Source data
···

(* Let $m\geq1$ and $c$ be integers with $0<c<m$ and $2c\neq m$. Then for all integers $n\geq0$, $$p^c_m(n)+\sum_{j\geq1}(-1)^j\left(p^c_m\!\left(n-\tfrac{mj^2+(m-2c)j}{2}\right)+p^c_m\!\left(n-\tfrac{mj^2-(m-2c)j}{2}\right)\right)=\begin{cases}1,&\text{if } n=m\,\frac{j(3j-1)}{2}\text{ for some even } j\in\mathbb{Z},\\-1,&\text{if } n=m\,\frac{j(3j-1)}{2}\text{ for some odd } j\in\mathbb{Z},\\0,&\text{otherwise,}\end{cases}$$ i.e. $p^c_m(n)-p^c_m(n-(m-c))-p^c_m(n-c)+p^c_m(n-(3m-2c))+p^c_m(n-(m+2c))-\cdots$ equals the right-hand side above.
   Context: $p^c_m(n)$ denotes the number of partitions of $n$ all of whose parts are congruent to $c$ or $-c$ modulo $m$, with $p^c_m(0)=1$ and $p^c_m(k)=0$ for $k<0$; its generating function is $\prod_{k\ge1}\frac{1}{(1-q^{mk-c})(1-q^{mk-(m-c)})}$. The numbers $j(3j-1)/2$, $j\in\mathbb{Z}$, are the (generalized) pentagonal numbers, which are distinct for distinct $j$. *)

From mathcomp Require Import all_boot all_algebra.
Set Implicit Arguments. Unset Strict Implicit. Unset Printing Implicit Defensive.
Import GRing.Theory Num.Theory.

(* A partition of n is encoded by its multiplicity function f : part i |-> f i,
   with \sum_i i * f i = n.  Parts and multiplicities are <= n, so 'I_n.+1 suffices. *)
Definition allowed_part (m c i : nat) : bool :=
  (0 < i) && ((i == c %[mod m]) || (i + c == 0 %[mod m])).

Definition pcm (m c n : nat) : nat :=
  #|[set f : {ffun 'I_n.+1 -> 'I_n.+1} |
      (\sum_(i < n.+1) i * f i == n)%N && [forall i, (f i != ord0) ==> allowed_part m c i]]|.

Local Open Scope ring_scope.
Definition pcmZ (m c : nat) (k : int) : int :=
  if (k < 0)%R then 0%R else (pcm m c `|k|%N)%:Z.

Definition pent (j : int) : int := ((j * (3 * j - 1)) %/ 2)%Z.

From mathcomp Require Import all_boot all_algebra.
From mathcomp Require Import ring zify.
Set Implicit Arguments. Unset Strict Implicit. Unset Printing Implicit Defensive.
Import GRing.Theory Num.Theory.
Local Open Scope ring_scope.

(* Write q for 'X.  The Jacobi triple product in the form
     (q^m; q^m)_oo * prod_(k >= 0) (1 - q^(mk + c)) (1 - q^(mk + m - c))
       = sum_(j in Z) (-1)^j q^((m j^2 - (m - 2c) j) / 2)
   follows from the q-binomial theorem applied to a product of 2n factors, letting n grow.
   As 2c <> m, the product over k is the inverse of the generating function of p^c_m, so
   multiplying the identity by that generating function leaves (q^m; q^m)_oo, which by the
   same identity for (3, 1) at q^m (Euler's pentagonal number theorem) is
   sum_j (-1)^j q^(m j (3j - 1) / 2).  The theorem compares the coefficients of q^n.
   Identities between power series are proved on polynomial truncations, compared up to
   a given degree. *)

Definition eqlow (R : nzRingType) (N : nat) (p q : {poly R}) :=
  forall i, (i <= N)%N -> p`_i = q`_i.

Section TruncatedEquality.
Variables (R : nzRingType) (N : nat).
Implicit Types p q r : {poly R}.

···

What needs to be done:
Copy out every line from the records that has the word "product".

Output of the exercise:
(* Write q for 'X.  The Jacobi triple product in the form
   follows from the q-binomial theorem applied to a product of 2n factors, letting n grow.
   As 2c <> m, the product over k is the inverse of the generating function of p^c_m, so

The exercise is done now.